The jQuery post is interesting read, especially the Q&A section starting with this one:

If jQuery 1.9 and 2.0 are basically the same API, what makes 2.0 compelling?
Smaller size, better performance, and the lack of problems introduced by the need for oldIE support. We expect that we can improve error handling in the $.Deferred implementation in 2.0, for example, whereas we can’t do that as long as oldIE is supported.

I also found this post from 37signals from Feb 1, where they announce that Basecamp Next wont have support for IE8.

As others have pointed out, just how much of the web will break for oldIE browsers in 1-2 years? My hunch it is quite a large part. Sooner rather than later we will see sites such as Facebook and Twitter drop the support as well. Yes, I know those are probably not that relevant for those organizations that stubbornly will continue to cap their use of browser to IE8.

However, besides them sticking to IE8 due to internal applications they still need it for, with #1787146: Make IE8 behave as no-js (do not run any Drupal JavaScript on IE8) any Drupal 8 site they visit will still work to some extent and those site owners will be able to add additional IE8 support in the theme if they so desire. I also quite convinced there will be several contrib projects that add more extensive support as well.

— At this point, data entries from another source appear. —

(* Let $\mathfrak{n}\in A_+$ and $\gamma=\begin{pmatrix}a&b\\c&d\end{pmatrix}\in\mathrm{GL}_2(A)$. (1) Let $\ell=\max(\deg c,\deg d)$, and put $\epsilon=1$ if $\deg c\ge\deg d$ and $\epsilon=0$ otherwise. Then there exist $u\in K_\infty$ and $\gamma_0\in\Gamma_0(\mathfrak{n})$ such that $\gamma_0\gamma e_0=e_g$ with $g=\begin{pmatrix}\pi_\infty^{2\ell+\epsilon}&u\\0&1\end{pmatrix}\begin{pmatrix}0&1\\\pi_\infty&0\end{pmatrix}^{\epsilon}$. (2) Let $x,y\in A$ with $\gcd(x,y)=1=\gcd(\mathfrak{n},cx+dy)$, let $\delta=\max(\deg x,\deg y)$, and put $\epsilon=0$ if $\deg x>\deg y$ and $\epsilon=1$ otherwise. Then there exist $u\in K_\infty$ and $\gamma_0\in\Gamma_0(\mathfrak{n})$ such that $\gamma_0\gamma e_0=e_g$ with $g=w_\mathfrak{n}\begin{pmatrix}\pi_\infty^{\deg\mathfrak{n}+2\delta+\epsilon}&u\\0&1\end{pmatrix}\begin{pmatrix}0&1\\\pi_\infty&0\end{pmatrix}^{\epsilon}$, where $w_\mathfrak{n}=\begin{pmatrix}0&-1\\\mathfrak{n}&0\end{pmatrix}$.
   Context: $\mathbb{F}_q$ a finite field, $A=\mathbb{F}_q[\theta]$, $A_+$ the monic polynomials, $\deg0=-\infty$; $\pi_\infty=\theta^{-1}$, $K_\infty=\mathbb{F}_q((\pi_\infty))$, $O_\infty=\mathbb{F}_q[[\pi_\infty]]$, $\mathcal{I}_\infty$ the Iwahori subgroup of matrices in $\mathrm{GL}_2(O_\infty)$ with lower-left entry in $\pi_\infty O_\infty$. The oriented edges of the Bruhat–Tits tree are the cosets $\mathrm{GL}_2(K_\infty)/K_\infty^\times\mathcal{I}_\infty$; $e_g$ denotes the edge (coset) of $g\in\mathrm{GL}_2(K_\infty)$, $\mathrm{GL}_2(K_\infty)$ acts by left multiplication, and $e_0=e_I$ for the identity matrix $I$. $\Gamma_0(\mathfrak{n})=\{\begin{pmatrix}a&b\\c&d\end{pmatrix}\in\mathrm{GL}_2(A):\mathfrak{n}\mid c\}$. *)

From HB Require Import structures.
From mathcomp Require Import all_boot all_order all_algebra.
From mathcomp Require Import zify.
From Stdlib Require Import ClassicalEpsilon.
Set Implicit Arguments. Unset Strict Implicit. Unset Printing Implicit Defensive.
Import Order.TTheory GRing.Theory Num.Theory.
Local Open Scope ring_scope.

(* K_oo = F((pi)), pi = theta^-1 : formal Laurent series, represented by    *)
(* their coefficient function  n |-> coefficient of pi^n  (n : int), with    *)
(* support bounded below.  A = {poly F} in the variable theta.               *)
Section Laurent.
Variable F : fieldType.

Definition is_laurent (f : int -> F) :=
  exists N : int, forall n : int, n < N -> f n = 0.

Record Kinf := KInf { coef :> int -> F ; coefP : is_laurent coef }.

Definition lb (f : Kinf) : int :=
  proj1_sig (constructive_indefinite_description _ (coefP f)).

Lemma lbP (f : Kinf) n : n < lb f -> f n = 0.
Proof.
rewrite /lb; case: (constructive_indefinite_description _ _) => N HN /=.
exact: HN.
Qed.

Definition kpi_fun (k : int) : int -> F := fun n => if n == k then 1 else 0.
Lemma kpi_laurent k : is_laurent (kpi_fun k).
Proof. exists k => n hn; rewrite /kpi_fun; case: eqP => // E; by rewrite E ltxx in hn. Qed.
Definition kpi (k : int) : Kinf := KInf (kpi_laurent k).

Definition kzero_fun : int -> F := fun _ => 0.
Lemma kzero_laurent : is_laurent kzero_fun.
Proof. by exists 0. Qed.
Definition kzero : Kinf := KInf kzero_laurent.

Definition kone : Kinf := kpi 0.

Definition kadd_fun (f g : Kinf) : int -> F := fun n => f n + g n.
Lemma kadd_laurent f g : is_laurent (kadd_fun f g).
Proof.
exists (Num.min (lb f) (lb g)) => n hn; rewrite /kadd_fun.
rewrite !lbP ?addr0 //; apply: (lt_le_trans hn); by rewrite ge_min lexx ?orbT.
Qed.
Definition kadd (f g : Kinf) : Kinf := KInf (kadd_laurent f g).

Definition kopp_fun (f : Kinf) : int -> F := fun n => - f n.
Lemma kopp_laurent f : is_laurent (kopp_fun f).
Proof. exists (lb f) => n hn; by rewrite /kopp_fun lbP ?oppr0. Qed.
Definition kopp (f : Kinf) : Kinf := KInf (kopp_laurent f).

Definition kmul_fun (f g : Kinf) : int -> F := fun n =>
  let N := lb f + lb g in
  if N <= n then
    \sum_(k < (absz (n - N)).+1) f (lb f + k%:Z) * g (n - lb f - k%:Z)
  else 0.
Lemma kmul_laurent f g : is_laurent (kmul_fun f g).
Proof. exists (lb f + lb g) => n hn; by rewrite /kmul_fun leNgt hn. Qed.
Definition kmul (f g : Kinf) : Kinf := KInf (kmul_laurent f g).

Definition knz (f : Kinf) := exists n, f n != 0.

Definition in_O (f : Kinf) := forall n : int, n < 0 -> f n = 0.
Definition in_piO (f : Kinf) := forall n : int, n <= 0 -> f n = 0.
Definition unit_O (f : Kinf) := in_O f /\ exists g, in_O g /\ kmul f g = kone.

(* A = F[theta] inside K_oo : theta^i = pi^(-i) *)
Definition poly_fun (p : {poly F}) : int -> F :=
  fun n => if n <= 0 then p`_(absz n) else 0.
Lemma poly_laurent p : is_laurent (poly_fun p).
Proof.
exists (- (size p)%:Z) => n hn; rewrite /poly_fun; case: ifP => // n0.
apply: nth_default; move: hn n0; case: n => m //=.
- move=> h _; have := lt_le_trans h (oppr_le0 (size p)%:Z); by [].
- rewrite NegzE ltrN2 ltz_nat => h _; exact: ltnW.
Qed.
Definition kpoly (p : {poly F}) : Kinf := KInf (poly_laurent p).

End Laurent.

Record mat2 (R : Type) := Mat2 { m11 : R; m12 : R; m21 : R; m22 : R }.

Definition mulMA (R : ringType) (g h : mat2 R) : mat2 R :=
  Mat2 (m11 g * m11 h + m12 g * m21 h) (m11 g * m12 h + m12 g * m22 h)
       (m21 g * m11 h + m22 g * m21 h) (m21 g * m12 h + m22 g * m22 h).

Section Mat.
Variable F : fieldType.
Local Notation K := (Kinf F).

Definition mulMK (g h : mat2 K) : mat2 K :=
  Mat2 (kadd (kmul (m11 g) (m11 h)) (kmul (m12 g) (m21 h)))
       (kadd (kmul (m11 g) (m12 h)) (kmul (m12 g) (m22 h)))
       (kadd (kmul (m21 g) (m11 h)) (kmul (m22 g) (m21 h)))
       (kadd (kmul (m21 g) (m12 h)) (kmul (m22 g) (m22 h))).

Definition scaleMK (z : K) (k : mat2 K) : mat2 K :=
  Mat2 (kmul z (m11 k)) (kmul z (m12 k)) (kmul z (m21 k)) (kmul z (m22 k)).

Definition detK (k : mat2 K) : K :=
  kadd (kmul (m11 k) (m22 k)) (kopp (kmul (m12 k) (m21 k))).

Definition iwahori (k : mat2 K) :=
  [/\ in_O (m11 k), in_O (m12 k), in_piO (m21 k), in_O (m22 k) & unit_O (detK k)].

(* e_h = e_g as cosets in GL_2(K_oo) / K_oo^x I_oo, i.e. h in g K_oo^x I_oo *)
Definition same_edge (h g : mat2 K) :=
  exists (z : K) (k : mat2 K), knz z /\ iwahori k /\ h = mulMK g (scaleMK z k).

Definition embM (g : mat2 {poly F}) : mat2 K :=
  Mat2 (kpoly (m11 g)) (kpoly (m12 g)) (kpoly (m21 g)) (kpoly (m22 g)).

Definition upperK (e : int) (u : K) : mat2 K := Mat2 (kpi F e) u (kzero F) (kone F).
Definition Jpow (eps : bool) : mat2 K :=
  if eps then Mat2 (kzero F) (kone F) (kpi F 1) (kzero F)
  else Mat2 (kone F) (kzero F) (kzero F) (kone F).

End Mat.

Definition detA (F : fieldType) (g : mat2 {poly F}) : {poly F} :=
  m11 g * m22 g - m12 g * m21 g.
Definition GL2A (F : fieldType) (g : mat2 {poly F}) := detA g \is a GRing.unit.
Definition Gamma0 (F : fieldType) (n : {poly F}) (g : mat2 {poly F}) :=
  GL2A g /\ (n %| m21 g)%R.
Definition wn (F : fieldType) (n : {poly F}) : mat2 {poly F} := Mat2 0 (-1) n 0.

(** The key fact is that a nonzero polynomial p of degree l satisfies
    pi^l p in O_oo^x: pi^l p is the power series whose coefficients are those
    of p in reverse order, with unit constant term lead_coef p.  Consequently,
    if the bottom row (c, d) of M in GL_2(K_oo) has d in pi^-l O_oo^x and
    c in pi^(1-l) O_oo, then M = [[pi^e, b/d], [0, 1]] * z * k with k in the
    Iwahori subgroup, and e is forced by the valuation of det M.  When c
    dominates, M J^-1 (J = [[0, 1], [pi, 0]], which normalises the Iwahori
    subgroup) has this shape instead.  Part (1) applies this to gamma with
    gamma_0 = 1.  For part (2) the two Bezout identities give gamma_0 in
    Gamma_0(n) such that gamma_0 gamma has first row (-y, x); then
    w_n^-1 gamma_0 gamma has bottom row (y, -x) and determinant
    det(gamma_0 gamma) / n. *)

From HB Require Import structures.
From mathcomp Require Import all_boot all_order all_algebra.
From mathcomp Require Import zify ring.
From mathcomp Require Import boolp.
Unset Printing Implicit Defensive.
Import Order.TTheory GRing.Theory Num.Theory.
Local Open Scope ring_scope.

Just how big is the potential user/client loss for Drupal?

Can also be turned around to - Will we by by dropping the support instead gain users/clients due to that Drupal 8 will both be easier to develop with and also serve pages faster?

My stance:

  1. I share the concerns raised by @webchick and @jessebeach in #1541860-95: Reduce dependency on jQuery — tl;dr: Replacing jQuery with custom code is guaranteed to introduce Drupalisms in the long run. Which inherently means ugliness and hardly fixable bugs.

  2. According to the jQuery 1.9+ announcement and the jQuery 2 FAQ/clarification, the public API of jQuery will mostly stay the same between 1.x and 2.x.

  3. The main argument for dropping IE8 support is front-end and mobile performance, primarily rooted in jQuery's size (not jQuery's technology/functionality/implementation).
    Alas, reducing the size is the exact goal of jQuery 2 and

    "[jQuery 2.0] should be released in early 2013"

    Furthermore, jQuery intends to introduce a build/plugin system to allow to further decrease the size of custom builds.
    (According to unverified web resources, they didn't decide yet whether that's going to be AMD or another one.)

  4. Usage of JavaScript in Drupal core as well as in contrib boils down to very basic concepts and operations.
    (I'd love to amend this in any way, but this fact can only be stated this simply and bluntly.)

  5. Given the above, I wonder whether it isn't more appropriate to think about: Progressive Degradation
    Meaning:

    • Ship with jQuery 2.x AND jQuery 1.9.
    • Use jQuery 2 by default.
    • Allow users to switch to 1.9 for oldIE compatibility.
  6. Profit.

@sun, re #32-5, this expresses the intent of this issue well and it's an apt concept here.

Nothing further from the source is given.